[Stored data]

Lemma dec_fuel_irrelevant k1 : forall k2 n, n <= k1 -> n <= k2 -> dec k1 n = dec k2 n.
Proof.
  induction k1 as [|k IH]; intros k2 n H1 H2.
  - assert (n = 0) by lia. subst. destruct k2; reflexivity.
  - destruct k2 as [|k'].
    + assert (n = 0) by lia. subst. reflexivity.
    + cbn [dec]. pose proof (div9_le_pred n k H1). pose proof (div9_le_pred n k' H2).
      pose proof (p1_le (n/9)). pose proof (p2_le (n/9)).
      destruct (n mod 9) as [|[|[|[|[|[|[|[|[|]]]]]]]]]; try reflexivity;
      f_equal; apply IH; lia.
Qed.

Lemma code_unfold c : code c = match c mod 9 with
  | 0 => PZero | 1 => PSucc | 2 => PId | 3 => PFst | 4 => PSnd
  | 5 => PComp (code (p1 (c/9))) (code (p2 (c/9)))
  | 6 => PPair (code (p1 (c/9))) (code (p2 (c/9)))
  | 7 => PPrec (code (p1 (c/9))) (code (p2 (c/9)))
  | _ => PMu (code (c/9)) end.
Proof.
  destruct c as [|k]. reflexivity.
  unfold code. cbn [dec]. pose proof (div9_le_pred (S k) k (le_n _)).
  pose proof (p1_le (S k/9)). pose proof (p2_le (S k/9)).
  destruct (S k mod 9) as [|[|[|[|[|[|[|[|[|]]]]]]]]]; try reflexivity;
  f_equal; apply dec_fuel_irrelevant; lia.
Qed.

Lemma code_inv c p : code c = p -> match p with
  | PZero => c mod 9 = 0 | PSucc => c mod 9 = 1 | PId => c mod 9 = 2 | PFst => c mod 9 = 3
  | PSnd => c mod 9 = 4
  | PComp f g => c mod 9 = 5 /\ f = code (p1 (c/9)) /\ g = code (p2 (c/9))
  | PPair f g => c mod 9 = 6 /\ f = code (p1 (c/9)) /\ g = code (p2 (c/9))
  | PPrec f g => c mod 9 = 7 /\ f = code (p1 (c/9)) /\ g = code (p2 (c/9))
  | PMu f => c mod 9 = 8 /\ f = code (c/9) end.
Proof.
  intro H. rewrite code_unfold in H. pose proof (Nat.mod_upper_bound c 9 ltac:(lia)).
  destruct (c mod 9) as [|[|[|[|[|[|[|[|[|]]]]]]]]]; subst; auto; lia.
Qed.

Lemma code_args_lt c : 5 <= c mod 9 -> c / 9 < c /\ p1 (c/9) < c /\ p2 (c/9) < c.
Proof.
  intros H. assert (c <> 0) by (intro; subst; simpl in H; lia).
  assert (c / 9 < c) by (apply Nat.div_lt; lia).
  pose proof (p1_le (c/9)). pose proof (p2_le (c/9)). lia.
Qed.

Definition idx_comp a b := 9 * pr a b + 5.
Definition idx_pair a b := 9 * pr a b + 6.
Definition idx_prec a b := 9 * pr a b + 7.
Definition idx_mu a := 9 * a + 8.

Lemma mod9_affine m r : r < 9 -> (9 * m + r) mod 9 = r.
Proof. intro. symmetry. apply (Nat.mod_unique _ _ m); lia. Qed.

Lemma div9_affine m r : r < 9 -> (9 * m + r) / 9 = m.
Proof. intro. symmetry. apply (Nat.div_unique _ _ _ r); lia. Qed.

Lemma code_idx_comp a b : code (idx_comp a b) = PComp (code a) (code b).
Proof. rewrite code_unfold. unfold idx_comp. rewrite mod9_affine, div9_affine, p1_pr, p2_pr by lia. reflexivity. Qed.

Lemma code_idx_pair a b : code (idx_pair a b) = PPair (code a) (code b).
Proof. rewrite code_unfold. unfold idx_pair. rewrite mod9_affine, div9_affine, p1_pr, p2_pr by lia. reflexivity. Qed.

Lemma code_idx_prec a b : code (idx_prec a b) = PPrec (code a) (code b).
Proof. rewrite code_unfold. unfold idx_prec. rewrite mod9_affine, div9_affine, p1_pr, p2_pr by lia. reflexivity. Qed.

Lemma code_idx_mu a : code (idx_mu a) = PMu (code a).
Proof. rewrite code_unfold. unfold idx_mu. rewrite mod9_affine, div9_affine by lia. reflexivity. Qed.

Lemma idx_comp_inj a b a' b' : idx_comp a b = idx_comp a' b' -> a = a' /\ b = b'.
Proof. unfold idx_comp. intro H. apply pr_inj. lia. Qed.

Lemma idx_pair_inj a b a' b' : idx_pair a b = idx_pair a' b' -> a = a' /\ b = b'.
Proof. unfold idx_pair. intro H. apply pr_inj. lia. Qed.

Lemma code_surj p : exists c, code c = p.
Proof.
  induction p.
  - exists 0; reflexivity.
  - exists 1; reflexivity.
  - exists 2; reflexivity.
  - exists 3; reflexivity.
  - exists 4; reflexivity.
  - destruct IHp1 as [a <-], IHp2 as [b <-]. exists (idx_comp a b). apply code_idx_comp.
  - destruct IHp1 as [a <-], IHp2 as [b <-]. exists (idx_pair a b). apply code_idx_pair.
  - destruct IHp1 as [a <-], IHp2 as [b <-]. exists (idx_prec a b). apply code_idx_prec.
  - destruct IHp as [a <-]. exists (idx_mu a). apply code_idx_mu.
Qed.

(** * Total programs *)

(* A program packaged with the total function it computes.  [tExt] replaces the
   function by an extensionally equal one, so that [tfun] of a composite program
   reduces to the intended closed expression. *)
Record tprog := { prog : prf; tfun : nat -> nat; tfun_spec : forall n, eval prog n (tfun n) }.

Definition tZero : tprog := {| prog := PZero; tfun := fun _ => 0; tfun_spec := ev_zero |}.
Definition tSucc : tprog := {| prog := PSucc; tfun := S; tfun_spec := ev_succ |}.
Definition tId : tprog := {| prog := PId; tfun := fun n => n; tfun_spec := ev_id |}.
Definition tFst : tprog := {| prog := PFst; tfun := p1; tfun_spec := ev_fst |}.
Definition tSnd : tprog := {| prog := PSnd; tfun := p2; tfun_spec := ev_snd |}.

Definition tComp (F G : tprog) : tprog.
Proof.
  refine {| prog := PComp (prog F) (prog G); tfun := fun n => tfun F (tfun G n) |}.
  intro n. eapply ev_comp; apply tfun_spec.
Defined.

Definition tPair (F G : tprog) : tprog.
Proof.
  refine {| prog := PPair (prog F) (prog G); tfun := fun n => pr (tfun F n) (tfun G n) |}.
  intro n. eapply ev_pair; apply tfun_spec.
Defined.

Fixpoint prec_fun (f g : nat -> nat) (a m : nat) : nat :=
  match m with 0 => f a | S k => g (pr a (pr k (prec_fun f g a k))) end.

Definition tPrec (F G : tprog) : tprog.
Proof.
  refine {| prog := PPrec (prog F) (prog G);
            tfun := fun n => prec_fun (tfun F) (tfun G) (p1 n) (p2 n) |}.
  intro n. rewrite <- (pr_p1p2 n) at 1. generalize (p1 n) (p2 n). intros a m.
  induction m; simpl.
  - apply ev_prec0, tfun_spec.
  - eapply ev_precS; [apply IHm | apply tfun_spec].
Defined.

Definition tExt (F : tprog) (g : nat -> nat) (H : forall n, tfun F n = g n) : tprog.
Proof. refine {| prog := prog F; tfun := g |}. intro n. rewrite <- H. apply tfun_spec. Defined.

Lemma tfun_spec_eq (F : tprog) n v : tfun F n = v -> eval (prog F) n v.
Proof. intros <-. apply tfun_spec. Qed.

Fixpoint tNumeral (c : nat) : tprog :=
  match c with 0 => tZero | S k => tComp tSucc (tNumeral k) end.

Lemma tNumeral_val k n : tfun (tNumeral k) n = k.
Proof. induction k; simpl; auto. Qed.

Definition tConst (c : nat) : tprog := tExt (tNumeral c) (fun _ => c) (tNumeral_val c).

Definition tLift2 (B : tprog) (op : nat -> nat -> nat)
  (HB : forall a b, tfun B (pr a b) = op a b) (F G : tprog) : tprog.
Proof.
  refine (tExt (tComp B (tPair F G)) (fun n => op (tfun F n) (tfun G n)) _).
  intro n. simpl. apply HB.
Defined.

(* Projections out of the argument [pr a (pr m v)] of the step function of [tPrec]. *)
Definition step_arg := tFst.
Definition step_idx := tComp tFst tSnd.
Definition step_val := tComp tSnd tSnd.

Definition tAddP : tprog.
Proof.
  refine (tExt (tPrec tId (tComp tSucc step_val)) (fun n => p1 n + p2 n) _).
  intro n. simpl. generalize (p1 n) (p2 n). intros a m.
  induction m; simpl; auto. rewrite !p2_pr, IHm. lia.
Defined.

Definition tAdd := tLift2 tAddP Nat.add
  (fun a b => ltac:(simpl; rewrite p1_pr, p2_pr; reflexivity)).

Definition tMulP : tprog.
Proof.
  refine (tExt (tPrec tZero (tAdd step_val step_arg)) (fun n => p1 n * p2 n) _).
  intro n. simpl. generalize (p1 n) (p2 n). intros a m.
  induction m; simpl; auto. rewrite !p2_pr, !p1_pr, IHm. lia.
Defined.

Definition tMul := tLift2 tMulP Nat.mul
  (fun a b => ltac:(simpl; rewrite p1_pr, p2_pr; reflexivity)).

Definition tPred : tprog.
Proof.
  refine (tExt (tComp (tPrec tZero (tComp tFst tSnd)) (tPair tZero tId)) Nat.pred _).
  intro n. simpl. rewrite p2_pr. destruct n; simpl; rewrite ?p2_pr, ?p1_pr; auto.
Defined.

Definition tSubP : tprog.
Proof.
  refine (tExt (tPrec tId (tComp tPred step_val)) (fun n => p1 n - p2 n) _).
  intro n. simpl. generalize (p1 n) (p2 n). intros a m.
  induction m; simpl; [lia|]. rewrite !p2_pr, IHm. lia.
Defined.

Definition tSub := tLift2 tSubP Nat.sub
  (fun a b => ltac:(simpl; rewrite p1_pr, p2_pr; reflexivity)).

(* Truth values: [0] is false, anything else is true. *)
Definition nonzero (k : nat) : bool := negb (k =? 0).

Lemma nonzero_b2n b : nonzero (Nat.b2n b) = b.
Proof. destruct b; reflexivity. Qed.

Definition tIteP : tprog.
Proof.
  refine (tExt (tComp (tPrec tSnd (tComp tFst tFst)) (tPair tSnd tFst))
    (fun n => if nonzero (p1 n) then p1 (p2 n) else p2 (p2 n)) _).
  intro n. simpl. rewrite p1_pr, p2_pr. destruct (p1 n); simpl; rewrite ?p1_pr; auto.
Defined.

Definition tIf (C X Y : tprog) : tprog.
Proof.
  refine (tExt (tComp tIteP (tPair C (tPair X Y)))
    (fun n => if nonzero (tfun C n) then tfun X n else tfun Y n) _).
  intro n. simpl. rewrite !p1_pr, !p2_pr.
  destruct (nonzero (tfun C n)); rewrite ?p1_pr, ?p2_pr; reflexivity.
Defined.

Definition tNot (F : tprog) : tprog.
Proof.
  refine (tExt (tIf F (tConst 0) (tConst 1)) (fun n => Nat.b2n (negb (nonzero (tfun F n)))) _).
  intro n. simpl. destruct (nonzero (tfun F n)); reflexivity.
Defined.

Definition tAnd (F G : tprog) : tprog.
Proof.
  refine (tExt (tIf F (tIf G (tConst 1) (tConst 0)) (tConst 0))
    (fun n => Nat.b2n (nonzero (tfun F n) && nonzero (tfun G n))) _).
  intro n. simpl. destruct (nonzero (tfun F n)), (nonzero (tfun G n)); reflexivity.
Defined.

Definition tOr (F G : tprog) : tprog.
Proof.
  refine (tExt (tIf F (tConst 1) (tIf G (tConst 1) (tConst 0)))
    (fun n => Nat.b2n (nonzero (tfun F n) || nonzero (tfun G n))) _).
  intro n. simpl. destruct (nonzero (tfun F n)), (nonzero (tfun G n)); reflexivity.
Defined.

Definition tEq (F G : tprog) : tprog.
Proof.
  refine (tExt (tNot (tAdd (tSub F G) (tSub G F))) (fun n => Nat.b2n (tfun F n =? tfun G n)) _).
  intro n. simpl. unfold nonzero. f_equal.
  destruct (Nat.eqb_spec (tfun F n) (tfun G n));
  destruct (Nat.eqb_spec (tfun F n - tfun G n + (tfun G n - tfun F n)) 0); simpl; auto; lia.
Defined.

Definition tLt (F G : tprog) : tprog.
Proof.
  refine (tExt (tNot (tNot (tSub G F))) (fun n => Nat.b2n (tfun F n <? tfun G n)) _).
  intro n. simpl. unfold nonzero. f_equal.
  destruct (Nat.ltb_spec (tfun F n) (tfun G n));
  destruct (Nat.eqb_spec (tfun G n - tfun F n) 0); simpl; auto; lia.
Defined.

Fixpoint bexists (f : nat -> bool) (m : nat) : bool :=
  match m with 0 => false | S k => bexists f k || f k end.

Fixpoint bforall (f : nat -> bool) (m : nat) : bool :=
  match m with 0 => true | S k => bforall f k && f k end.

#[export] Instance bexists_proper : Proper (pointwise_relation nat eq ==> eq ==> eq) bexists.
Proof. intros f g H m m' <-. induction m; simpl; auto. rewrite IHm, H. auto. Qed.

#[export] Instance bforall_proper : Proper (pointwise_relation nat eq ==> eq ==> eq) bforall.
Proof. intros f g H m m' <-. induction m; simpl; auto. rewrite IHm, H. auto. Qed.

Lemma bexists_spec f m : bexists f m = true <-> exists i, i < m /\ f i = true.
Proof.
  induction m; simpl.
  - split; [discriminate | intros [i [Hi _]]; lia].
  - rewrite Bool.orb_true_iff, IHm. split.
    + intros [[i [Hi H]]|H]; exists i || exists m; split; auto; lia.
    + intros [i [Hi H]]. destruct (Nat.eq_dec i m); [subst; auto|].
      left; exists i; split; auto; lia.
Qed.

Lemma bexists_unbounded f m :
  (forall i, f i = true -> i < m) -> (bexists f m = true <-> exists i, f i = true).
Proof.
  intro H. rewrite bexists_spec. split; [intros [i [_ Hi]] | intros [i Hi]]; eauto.
Qed.

Lemma bforall_spec f m : bforall f m = true <-> forall i, i < m -> f i = true.
Proof.
  induction m; simpl.
  - split; auto; intros; lia.
  - rewrite Bool.andb_true_iff, IHm. split.
    + intros [H1 H2] i Hi. destruct (Nat.eq_dec i m); [subst; auto | apply H1; lia].
    + intros H; split; auto.
Qed.

(* [tBexists P] and [tBforall P] take [pr a m] and quantify over [i < m] in [P (pr a i)]. *)
Definition tBexists (P : tprog) : tprog.
Proof.
  refine (tExt (tPrec tZero (tOr step_val (tComp P (tPair step_arg step_idx))))
    (fun n => Nat.b2n (bexists (fun i => nonzero (tfun P (pr (p1 n) i))) (p2 n))) _).
  intro n. simpl. generalize (p1 n) (p2 n). intros a m.
  induction m; simpl; auto. rewrite !p2_pr, !p1_pr, IHm, nonzero_b2n. reflexivity.
Defined.

Definition tBforall (P : tprog) : tprog.
Proof.
  refine (tExt (tPrec (tConst 1) (tAnd step_val (tComp P (tPair step_arg step_idx))))
    (fun n => Nat.b2n (bforall (fun i => nonzero (tfun P (pr (p1 n) i))) (p2 n))) _).
  intro n. simpl. generalize (p1 n) (p2 n). intros a m.
  induction m; simpl; auto. rewrite !p2_pr, !p1_pr, IHm, nonzero_b2n. reflexivity.
Defined.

What you will do: Look through the records and give only the number of lines where the string "tBforall" appears.

Solution for this problem: 2